License: http://creativecommons.org/licenses/by/4.0/

The gist: We present the first application of simulation-based inference to resonant inelastic X-ray scattering spectroscopy.

Terminology

Abstract

We present the first application of simulation-based inference to resonant inelastic X-ray scattering spectroscopy. Using truncated marginal neural ratio estimation to efficiently restrict the prior and conditional flow matching as the joint density estimator, we infer full posteriors with a modest simulation budget for two Ni 2+ compounds---NiPS 3 as a representative covalent case and K 2 NiF 4 as a more atomic one. We demonstrate that a vision transformer encoder whose tokenization matches the physical layout of the RIXS map yields better-covered and sharper posteriors than generic image encoders.
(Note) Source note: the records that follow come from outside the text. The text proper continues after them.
(* Let $f:[0,\infty)\to[0,\infty)$ be non-increasing with $f(0)=1$ and $f\in C^4([0,\infty))$, let $\mathcal L(\gamma)=\int_0^\infty e^{-\gamma x}f(x)dx$ and $\gamma_{\min}=\inf\{\gamma\in\mathbb R:\mathcal L(\gamma)<\infty\}$, and assume that for every $\gamma>\gamma_{\min}$ and $j=0,1,2,3,4$, $e^{-\gamma x}f^{(j)}(x)\in L^1([0,\infty))$ and $e^{-\gamma x}f^{(j)}(x)\to0$ as $x\to\infty$. For $s\ge1$ and $\rho=1-\gamma/\sqrt s$ define $F_s(\rho)=\sum_{n=0}^\infty f\bigl(\tfrac{n+1}{\sqrt s}\bigr)\rho^{n+1}$ and $\gamma_s=-\sqrt s\ln(1-\gamma/\sqrt s)$. Then for $\gamma_{\min}<\gamma\le\sqrt s$, $F_s(\rho)=\sqrt s\,\mathcal L(\gamma_s)-\tfrac12+O(1/\sqrt s)$, where the $O(1/\sqrt s)$ holds uniformly in $\gamma$ in any compact subset of $(\gamma_{\min},\infty)$.
   Context: $F_s(\rho)$ is the quantity $\sum_{n\ge0}p_s(0)\cdots p_s(n)\rho^{n+1}$ for an $s$-server system with admission control under the global control $p_s(0)\cdots p_s(n)=f((n+1)/\sqrt s)$. *)

From Stdlib Require Import Reals.
From Coquelicot Require Import Coquelicot.
Open Scope R_scope.

Definition has_integral_0_infty (g : R -> R) (l : R) : Prop :=
  is_RInt_gen g (at_point 0) (Rbar_locally p_infty) l.

Definition integrable_0_infty (g : R -> R) : Prop :=
  ex_RInt_gen g (at_point 0) (Rbar_locally p_infty).

Definition derive_on_nonneg (g : R -> R) (x l : R) : Prop :=
  filterlim (fun y => (g y - g x) / (y - x))
    (within (fun y => 0 <= y /\ y <> x) (locally x)) (locally l).

Definition continuous_on_nonneg_at (g : R -> R) (x : R) : Prop :=
  filterlim g (within (fun y => 0 <= y) (locally x)) (locally (g x)).

Definition C4_nonneg (f : R -> R) (d : nat -> R -> R) : Prop :=
  (forall x, 0 <= x -> d 0%nat x = f x) /\
  (forall j x, (j < 4)%nat -> 0 <= x -> derive_on_nonneg (d j) x (d (S j) x)) /\
  (forall x, 0 <= x -> continuous_on_nonneg_at (d 4%nat) x).

(* The Laplace transform L(gamma) is finite (f >= 0, so this is convergence
   of the improper integral of the nonnegative integrand). *)
Definition laplace_finite (f : R -> R) (gam : R) : Prop :=
  integrable_0_infty (fun x => exp (- gam * x) * f x).

Definition gamma_min (f : R -> R) : Rbar :=
  Glb_Rbar (fun gam => laplace_finite f gam).

Definition gamma_s (s gam : R) : R := - sqrt s * ln (1 - gam / sqrt s).

Definition rho_of (s gam : R) : R := 1 - gam / sqrt s.

Definition Fs_term (f : R -> R) (s rho : R) (n : nat) : R :=
  f (INR (S n) / sqrt s) * rho ^ (S n).

From Stdlib Require Import Reals Lra Lia.
From Coquelicot Require Import Coquelicot.
Open Scope R_scope.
Applying the validated method to experimental NiPS 3 and K 2 NiF 4 data, we recover a joint posterior that reveals parameter correlations invisible to point estimators, and a posterior predictive distribution that closely matches the observed spectrum. The amortized posterior unlocks a class of analyses not previously available to the field such as nuisance-marginalized uncertainty quantification, multi-measurement posterior fusion and active experimental design.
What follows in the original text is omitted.